Freedom News

A Sideways Look: housing

(originally appeared in Freedom, August 2012)
A few welcome signs have been emerging from the embattled world of council housing. Where I live, the elected Mayor recently considered a report that suggested building up to 250 new council homes. While this is a modest number, and fraught with difficulties, it is at least a step in the right direction.

For most of the last twenty five years, the only social housing that has been built has been by housing associations. There’s been the odd council flat or two but the political will of all main parties has been to demolish or sell off council homes. Tied to this low priority, council housing has been portrayed as subsidised housing for people on welfare. Anyone with any sort of aspiration would aim for something better, that they owned themselves; this was the Thatcherite myth. Right-to-Buy took large chunks out of the good homes available, leaving the worst and a legacy of underinvestment.
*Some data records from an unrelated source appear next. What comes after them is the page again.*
(* Let $\mathcal{X}=\mathcal{Y}=\mathcal{A}=\mathcal{B}=\{0,1\}$ and $\epsilon\in[0,1)$. Then the inequality $$(1-\epsilon)\,p(00|00)+\epsilon(1-\epsilon)\,p(11|00)-p(01|01)-p(10|10)-p(00|11)\le\epsilon(1-\epsilon)$$ is valid for every $p\in\mathcal{P}_2^{AB,(\epsilon,\epsilon)}$ and defines a facet of this polytope, i.e. the set of points of $\mathcal{P}_2^{AB,(\epsilon,\epsilon)}$ attaining equality has affine dimension $\dim\mathcal{P}_2^{AB,(\epsilon,\epsilon)}-1$ (for $\epsilon\in(0,1)$ the polytope has dimension $12$).
   Context: Here $p(ab|xy)$ denotes the probability of outputs $(a,b)$ given inputs $(x,y)$. $\mathcal{P}_2^{AB,(\epsilon,\epsilon)}\subset\mathbb{R}^{16}$ is the set of all conditional distributions $p$ for which there exist a probability space $(\Lambda,q)$ and distributions $p_A(\cdot|x,y,\lambda)$ on $\{0,1\}$, $p_B(\cdot|x,y,\lambda)$ on $\{0,1\}$ with $p(ab|xy)=\int q(d\lambda)p_A(a|xy\lambda)p_B(b|xy\lambda)$ for all $a,b,x,y$, $\frac12\sum_a|p_A(a|xy\lambda)-p_A(a|xy'\lambda)|\le\epsilon$ for all $x,y,y',\lambda$, and $\frac12\sum_b|p_B(b|xy\lambda)-p_B(b|x'y\lambda)|\le\epsilon$ for all $y,x,x',\lambda$. It is a convex polytope. *)

From HB Require Import structures.
From mathcomp Require Import all_boot all_order all_algebra.
From mathcomp Require Import all_classical all_reals all_analysis.
Set Implicit Arguments. Unset Strict Implicit. Unset Printing Implicit Defensive.
Import Order.TTheory GRing.Theory Num.Theory.
Local Open Scope ring_scope.

(* A behaviour p(ab|xy), written p a b x y, with a,b,x,y in {0,1} = bool
   (false = 0, true = 1).  Points of R^16. *)
Definition behav (R : realType) := bool -> bool -> bool -> bool -> R.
Where estates were demolished, or “regenerated”, a euphemism for trying to change the social make up of the area, any replacements were a mix of private and housing association. Governments both red and blue have tried to induce council tenants to transfer to new landlords, often without success despite multi-million pound carrots of investment.

But despite all the denigration, the need for council housing has never gone away. It’s bad enough being young and single and moving every few months. Imagine doing it with a family and all the ties to schools and friends and relatives. The government complain that poor people shouldn’t live in nice areas, subsidised by housing benefit. But it’s not the poor people being subsidised – it’s the landlords. And one reason that land­lords are doing so well is that there is no alternative. Councils don’t really have waiting lists any more, but if they did the average wait might see you past retirement age.
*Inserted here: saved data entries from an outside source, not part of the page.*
(* Consider the network and loss from the context. Let $\overline{\mathbf{P}}$ be a stationary point, let $i_0\in I$, and let $\overline{\mathbf{P}}'$ be obtained from $\overline{\mathbf{P}}$ by unit replication of neuron $i_0$ with coefficients $(\beta_l,\gamma_l)_{l\in L}$ (so $\beta_l>0$ and $\sum_{l\in L}\beta_l\gamma_l=1$). Then $\overline{\mathbf{P}}'$ is a stationary point of the loss of the widened network if and only if at least one of the following holds: (1) every tangential derivative of $\mathcal{L}$ with respect to $\mathbf{w}_{i_0}$ at $\overline{\mathbf{P}}$ equals $0$, i.e. $\sum_{j\in J}\overline{h}_{ji_0}\mathbf{d}_{ji_0}^{\mathbf{v}}\cdot\mathbf{v}=0$ for every tangential direction $\mathbf{v}$ of $\overline{\mathbf{w}}_{i_0}$; (2) $\gamma_l\ge0$ for all $l\in L$. Moreover, if $\overline{\mathbf{P}}$ is a type-1 local minimum, then $\overline{\mathbf{P}}'$ is a type-1 local minimum of the loss of the widened network if and only if at least one of the following holds: (1) every tangential derivative of $\mathcal{L}$ with respect to $\mathbf{w}_{i_0}$ at $\overline{\mathbf{P}}$ equals $0$; (2) $\gamma_l>0$ for all $l\in L$.
   Context: Fix an integer $d>1$, finite index sets $I$ (hidden), $J$ (output), $K$ (samples), reals $\alpha^+\neq\alpha^-$, $\rho(z)=\alpha^+z$ for $z\ge0$, $\rho(z)=\alpha^-z$ for $z<0$ (componentwise). Parameters $\mathbf{P}$ consist of input weights $\mathbf{w}_i\in\mathbb{R}^d$ and output weights $h_{ji}$ ($i\in I$, $j\in J$); output $\hat{\mathbf{y}}(\mathbf{P};\mathbf{x})_j=\sum_{i\in I}h_{ji}\rho(\mathbf{w}_i\cdot\mathbf{x})$; training data $(\mathbf{x}_k,\mathbf{y}_k)_{k\in K}$; loss $\mathcal{L}(\mathbf{P})=\frac12\sum_k\|\hat{\mathbf{y}}(\mathbf{P};\mathbf{x}_k)-\mathbf{y}_k\|^2$; $e_{kj}=\hat y_{kj}-y_{kj}$. The same definitions apply to a network with any finite hidden index set. Stationary point: $\overline{\mathbf{P}}$ with $\lim_{\alpha\to0^+}\frac{\mathcal{L}(\overline{\mathbf{P}}+\alpha\mathbf{d})-\mathcal{L}(\overline{\mathbf{P}})}{\alpha}\ge0$ for all directions $\mathbf{d}$. Tangential directions of $\mathbf{w}_i$: unit vectors orthogonal to $\mathbf{w}_i$ if $\mathbf{w}_i\ne\mathbf{0}$; any unit vector if $\mathbf{w}_i=\mathbf{0}$. For a tangential direction $\mathbf{v}$, $\mathbf{d}_{ji}^{\mathbf{v}}=\lim_{\Delta\to0^+}\big(\sum_{k:(\mathbf{w}_i+\Delta\mathbf{v})\cdot\mathbf{x}_k>0}\alpha^+e_{kj}\mathbf{x}_k+\sum_{k:(\mathbf{w}_i+\Delta\mathbf{v})\cdot\mathbf{x}_k<0}\alpha^-e_{kj}\mathbf{x}_k\big)$, and the tangential derivative $\lim_{\Delta\to0^+}\frac{\mathcal{L}(\ldots,\mathbf{w}_i+\Delta\mathbf{v},\ldots)-\mathcal{L}(\ldots,\mathbf{w}_i,\ldots)}{\Delta}$ equals $\sum_{j}h_{ji}\mathbf{d}_{ji}^{\mathbf{v}}\cdot\mathbf{v}$. Escape neuron: at a stationary point, hidden neuron $i$ is an escape neuron iff there exist $j'\in J$ and a tangential direction $\mathbf{v}$ of $\mathbf{w}_i$ with $\sum_{j}h_{ji}\mathbf{d}_{ji}^{\mathbf{v}}\cdot\mathbf{v}=0$ and $\mathbf{d}_{j'i}^{\mathbf{v}}\cdot\mathbf{v}\ne0$. A type-1 local minimum is a local minimum of the loss (a stationary point) at which no hidden neuron is an escape neuron. Unit replication: given $\mathbf{P}$ and $i_0\in I$, replace neuron $i_0$ by a finite set of new hidden neurons $\{i_0^l: l\in L\}$ with $\mathbf{w}_{i_0^l}=\beta_l\mathbf{w}_{i_0}$ and $h_{ji_0^l}=\gamma_lh_{ji_0}$ for all $j\in J$, where $\beta_l>0$ for all $l$ and $\sum_{l\in L}\beta_l\gamma_l=1$; all other neurons are unchanged. This preserves the network function. *)

From HB Require Import structures.
From mathcomp Require Import all_boot all_order all_algebra.
From mathcomp Require Import all_classical all_reals all_analysis.
Set Implicit Arguments.
Unset Strict Implicit.
Unset Printing Implicit Defensive.
Import Order.TTheory GRing.Theory Num.Theory.
Import numFieldNormedType.Exports.
Local Open Scope classical_set_scope.
Local Open Scope ring_scope.

Section Network.
Variables (R : realType) (d : nat).
Variables (ap am : R).
Variables (J K : finType) (x : K -> 'rV[R]_d) (y : K -> J -> R).

Definition rho (z : R) : R := if 0 <= z then ap * z else am * z.

Definition dotv (u v : 'rV[R]_d) : R := \sum_(c < d) u ord0 c * v ord0 c.

Section Hidden.
Variable H : finType.

Definition output (w : H -> 'rV[R]_d) (h : J -> H -> R) (z : 'rV[R]_d) (j : J) : R :=
  \sum_(i : H) h j i * rho (dotv (w i) z).

Definition err (w : H -> 'rV[R]_d) (h : J -> H -> R) (k : K) (j : J) : R :=
  output w h (x k) j - y k j.

Definition loss (w : H -> 'rV[R]_d) (h : J -> H -> R) : R :=
  2^-1 * \sum_(k : K) \sum_(j : J) (err w h k j) ^+ 2.

Definition shift_w (w dw : H -> 'rV[R]_d) (a : R) : H -> 'rV[R]_d :=
  fun i => w i + a *: dw i.
Definition shift_h (h dh : J -> H -> R) (a : R) : J -> H -> R :=
  fun j i => h j i + a * dh j i.

Definition stationary (w : H -> 'rV[R]_d) (h : J -> H -> R) : Prop :=
  forall (dw : H -> 'rV[R]_d) (dh : J -> H -> R),
    exists l : R,
      ((loss (shift_w w dw a) (shift_h h dh a) - loss w h) / a) @[a --> 0^'+] --> l
      /\ 0 <= l.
There is a massive shortage of housing, exacerbated by the prices paid by those well-off enough to consider buying. And there aren’t many of them – my old boss has just moved into his fourth rented house in three years. Building more council housing is a no-brainer under almost any sort of economics: it creates jobs and would bring a return on the investment – they wouldn’t be standing empty any time soon. So, if the economics makes sense, it can only be politics that is stopping it happening.
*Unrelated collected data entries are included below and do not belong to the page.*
Lemma size_edge_list s : size (edge_list s) = (size s).-1.
Proof. by rewrite size_map size_zip size_behead; lia. Qed.

(* Each step either reaches a vertex already in V or traverses an edge not yet in F. *)
Lemma walk_growth x t V F : x \in V -> edges_within V F ->
  size (undup (V ++ t)) + size (undup F) <=
  size (undup (F ++ edge_list (x :: t))) + size (undup V).
Proof.
elim: t x V F => [|y t IH] x V F xV VF; first by rewrite !cats0 addnC.
have yVF : edges_within (y :: V) (mkedge x y :: F).
  move=> e; rewrite !inE => /orP[/eqP->|/VF[-> ->]]; last by rewrite !orbT.
  by case: (mkedge_ends x y) => -> /=; rewrite xV eqxx !orbT.
have := IH y _ _ (mem_head y V) yVF.
have -> : size (undup ((y :: V) ++ t)) = size (undup (V ++ y :: t)).
  by apply: size_undup_eq => z; rewrite !(mem_cat, inE) -orbA orbCA.
have -> : size (undup ((mkedge x y :: F) ++ edge_list (y :: t))) =
          size (undup (F ++ edge_list (x :: y :: t))).
  by apply: size_undup_eq => z; rewrite edge_list_cons2 !(mem_cat, inE) -orbA orbCA.
have new_vertex : (y \notin V) <= (mkedge x y \notin F).
  by case: (boolP (mkedge x y \in F)) => [/(mkedge_within VF)[_ ->]|_]; rewrite ?leq_b1.
move: new_vertex; rewrite !size_undup_cons.
by case: (y \in V); case: (mkedge x y \in F) => /=; lia.
Qed.

Lemma walk_through_growth W v V F : v \in V -> v \in W -> edges_within V F ->
  size (undup (V ++ W)) + size (undup F) <=
  size (undup (F ++ edge_list W)) + size (undup V).
Proof.
move=> vV /splitPr[p q] VF.
(* Extend by the walk v :: q, then by the reversed walk v :: rev p. *)
have grow_q := walk_growth q vV VF.
have vVq : v \in V ++ v :: q by rewrite mem_cat vV.
have VqFq : edges_within (V ++ v :: q) (F ++ edge_list (v :: q)).
  move=> e; rewrite !mem_cat => /orP[/VF[-> ->]|/edges_within_edge_list[-> ->]];
  by rewrite ?orbT.
have := walk_growth (rev p) vVq VqFq.
have -> : size (undup (V ++ v :: q)) = size (undup (V ++ q)).
  by apply: size_undup_eq => z; rewrite !(mem_cat, inE); case: (z =P v) => [->|_]; rewrite ?vV.
have -> : size (undup ((V ++ v :: q) ++ rev p)) = size (undup (V ++ p ++ v :: q)).
  apply: size_undup_eq => z; rewrite !(mem_cat, inE) mem_rev.
  by rewrite orbC orbCA orbA.
have -> : size (undup ((F ++ edge_list (v :: q)) ++ edge_list (v :: rev p))) =
          size (undup (F ++ edge_list (p ++ v :: q))).
  apply: size_undup_eq => z.
  rewrite -rev_rcons edge_list_rev edge_list_splice !mem_cat mem_rev.
  by rewrite -orbA [X in _ || X]orbC.
lia.
Qed.

Lemma walk_vertex_bound x t :
  size (undup (x :: t)) <= (size (undup (edge_list (x :: t)))).+1.
Proof.
have := @walk_growth x t [:: x] [::] (mem_head x [::]).
by rewrite /= addn0 addn1; apply=> e; rewrite in_nil.
Qed.

Lemma walk_excess_of_subgraph W V F v :
  v \in V -> {subset V <= W} -> {subset F <= edge_list W} -> edges_within V F ->
  size (undup V) <= size (undup F) ->
  size (undup W) <= size (undup (edge_list W)).
Proof.
move=> vV VW FW VF VleF; have := walk_through_growth vV (VW v vV) VF.
have -> : size (undup (V ++ W)) = size (undup W).
  by apply: size_undup_eq => z; rewrite mem_cat orb_idl // => /VW.
have -> : size (undup (F ++ edge_list W)) = size (undup (edge_list W)).
  by apply: size_undup_eq => z; rewrite mem_cat orb_idl // => /FW.
lia.
Qed.

Lemma walk_excess_of_cycle W x p :
  {subset x :: p <= W} -> {subset edge_list (x :: p) <= edge_list W} ->
  mkedge x (last x p) \in edge_list W -> mkedge x (last x p) \notin edge_list (x :: p) ->
  size (undup W) <= size (undup (edge_list W)).
Proof.
move=> pW pEW chordW fresh.
apply: (@walk_excess_of_subgraph W (x :: p) (mkedge x (last x p) :: edge_list (x :: p)) x).
- exact: mem_head.
- exact: pW.
- by move=> e; rewrite inE => /orP[/eqP->|/pEW].
- move=> e; rewrite inE => /orP[/eqP->|/edges_within_edge_list//].
  by case: (mkedge_ends x (last x p)) => ->; split; first [exact: mem_head | exact: mem_last].
- by rewrite [X in _ <= X]size_undup_cons fresh addn1 walk_vertex_bound.
Qed.

Definition reachable (r : rel nat) (a b : nat) : Prop :=
  exists p, path r a p /\ last a p = b.

Lemma reachable_step r a b c : reachable r a b -> r b c -> reachable r a c.
Proof. by case=> p [ap <-] rbc; exists (rcons p c); rewrite rcons_path ap rbc last_rcons. Qed.

Lemma reachable_sym r a b : symmetric r -> reachable r a b -> reachable r b a.
Proof.
move=> r_sym [p [ap <-]]; exists (rev (belast a p)); split.
  by rewrite rev_path; apply: sub_path ap => u v; rewrite r_sym.
by case/lastP: p {ap} => [|p c] //; rewrite belast_rcons rev_cons last_rcons.
Qed.

Lemma reachable_trans r a b c :
  reachable r a b -> reachable r b c -> reachable r a c.
Proof.
case=> p [ap <-] [q [bq <-]].
by exists (p ++ q); rewrite cat_path ap bq last_cat.
Qed.

Lemma path_reachable r x t b : path r x t -> b \in x :: t -> reachable r x b.
Proof.
rewrite inE => xt /orP[/eqP->|bt]; first by exists [::].
move: xt; case/splitPr: bt => t1 t2; rewrite cat_path => /andP[xt1 /andP[rb _]].
by apply: reachable_step rb; exists t1.
Qed.

Lemma odd_count_flips (s : pred nat) x p :
  odd (count (fun q => s q.1 != s q.2) (steps (x :: p))) = (s x != s (last x p)).
Proof.
elim: p x => [|y p IH] x; first by rewrite eqxx.
rewrite -[steps _]/((x, y) :: steps (y :: p)) /= oddD IH /=.
by case: (s x); case: (s y); case: (s (last y p)).
Qed.

Lemma even_count_bridge (F : seq (nat * nat)) a b x p :
  ~ reachable (fun u v => (mkedge u v \in F) && (mkedge u v != mkedge a b)) a b ->
  {subset edge_list (x :: p) <= F} -> last x p = x ->
  ~~ odd (count_mem (mkedge a b) (edge_list (x :: p))).
Proof.
move=> cut pF closed.
pose r u v := (mkedge u v \in F) && (mkedge u v != mkedge a b).
(* s z tells on which side of the cut at [mkedge a b] the vertex z lies. *)
pose s z := if excluded_middle_informative (reachable r a z) then true else false.
have sP z : reflect (reachable r a z) (s z).
  by rewrite /s; case: excluded_middle_informative => h; constructor.
have ra : reachable r a a by exists [::].
have flip q : q \in steps (x :: p) -> (s q.1 != s q.2) = (mkedge q.1 q.2 == mkedge a b).
  move=> qin; have qF : mkedge q.1 q.2 \in F by apply/pF/map_f.
  case: (mkedge q.1 q.2 =P mkedge a b) => [/mkedge_inj[[-> ->]|[-> ->]]|/eqP ne].
  - by case: (sP a) => [_|/(_ ra)[]]; case: (sP b) => [/cut[]|].
  - by case: (sP a) => [_|/(_ ra)[]]; case: (sP b) => [/cut[]|].
  have [rq rq'] : r q.1 q.2 /\ r q.2 q.1 by rewrite /r [mkedge q.2 q.1]mkedgeC qF ne.
  apply/negbTE; rewrite negbK; apply/eqP.
  case: (sP q.1) => [h1|h1]; case: (sP q.2) => [h2|h2] //.
    by case: h2; apply: reachable_step h1 rq.
  by case: h1; apply: reachable_step h2 rq'.
rewrite count_map -(eq_in_count flip) odd_count_flips closed.
by rewrite eqxx.
Qed.

Lemma sum_count_mem (T : eqType) (r l : seq T) : uniq r -> {subset l <= r} ->
  \sum_(e <- r) count_mem e l = size l.
Proof.
move=> r_uniq; elim: l => [|x l IH] lr; first by rewrite big1_seq.
rewrite big_split /= IH => [|z zl]; last by apply: lr; rewrite inE zl orbT.
have -> : \sum_(i <- r) (x == i) = count_mem x r.
  rewrite -sum1_count [RHS]big_mkcond; apply: eq_bigr => i _.
  by rewrite /= eq_sym; case: (i == x).
by rewrite count_uniq_mem // lr ?mem_head.
Qed.

Lemma sum_ge2 (T : eqType) (r : seq T) f :
  {in r, forall e, 2 <= f e} -> 2 * size r <= \sum_(e <- r) f e.
Proof.
elim: r => [|x r IH] f2; first by rewrite big_nil.
rewrite big_cons /= mulnS leq_add ?f2 ?mem_head // IH // => e er.
by rewrite f2 // inE er orbT.
Qed.

Lemma sum_eq2 (T : eqType) (r : seq T) f :
  {in r, forall e, 2 <= f e} -> \sum_(e <- r) f e <= 2 * size r ->
  {in r, forall e, f e = 2}.
Proof.
elim: r => [|x r IH] f2 //; rewrite big_cons /= mulnS => sum_le e.
have f2r : {in r, forall e, 2 <= f e} by move=> z zr; rewrite f2 // inE zr orbT.
have := sum_ge2 f2r; have := f2 x (mem_head x r).
rewrite inE => fx sum_r /orP[/eqP->|er]; first lia.
by apply: IH => //; lia.
Qed.

Lemma path_mkedge (P : pred (nat * nat)) x p :
  path (fun u v => P (mkedge u v)) x p = all P (edge_list (x :: p)).
Proof. by elim: p x => [|y p IH] x //=; rewrite IH. Qed.

Lemma walk_vertices_within V F x p : edges_within V F -> x \in V ->
  {subset edge_list (x :: p) <= F} -> {subset x :: p <= V}.
Proof.
move=> VF; elim: p x => [|y p IH] x xV pF z; rewrite in_cons => /orP[/eqP->//|] //.
have [_ yV] := mkedge_within VF (pF _ (mem_head _ _)).
by apply: IH => // e ep; apply: pF; rewrite edge_list_cons2 inE ep orbT.
Qed.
And of course it was politics. Council housing has been seen as something that only affected the working class, and not even all of us. As all parties competed for the same aspirational voters they focused on cheap mortgage costs. We know how that turned out. But council housing is now a distant aspiration for millions of people who want some security of tenure and a rent that is at least lower than their likely wage. It’s no surprise that politicians are now sniffing around the issue again. Much as I dislike the politics around it, it can only be a good thing to have more homes for people who need them. The politicians will then of course worry that the housing bubble in the south east might burst. We can only wish. People who buy a house to live in will not be massively affected if it does, unless they’ve borrowed more than they can afford to pay. People who’ve bought loads because they fancied a life as the sort of parasite who coins it in while refusing to do repairs, well, what do you think should happen to them?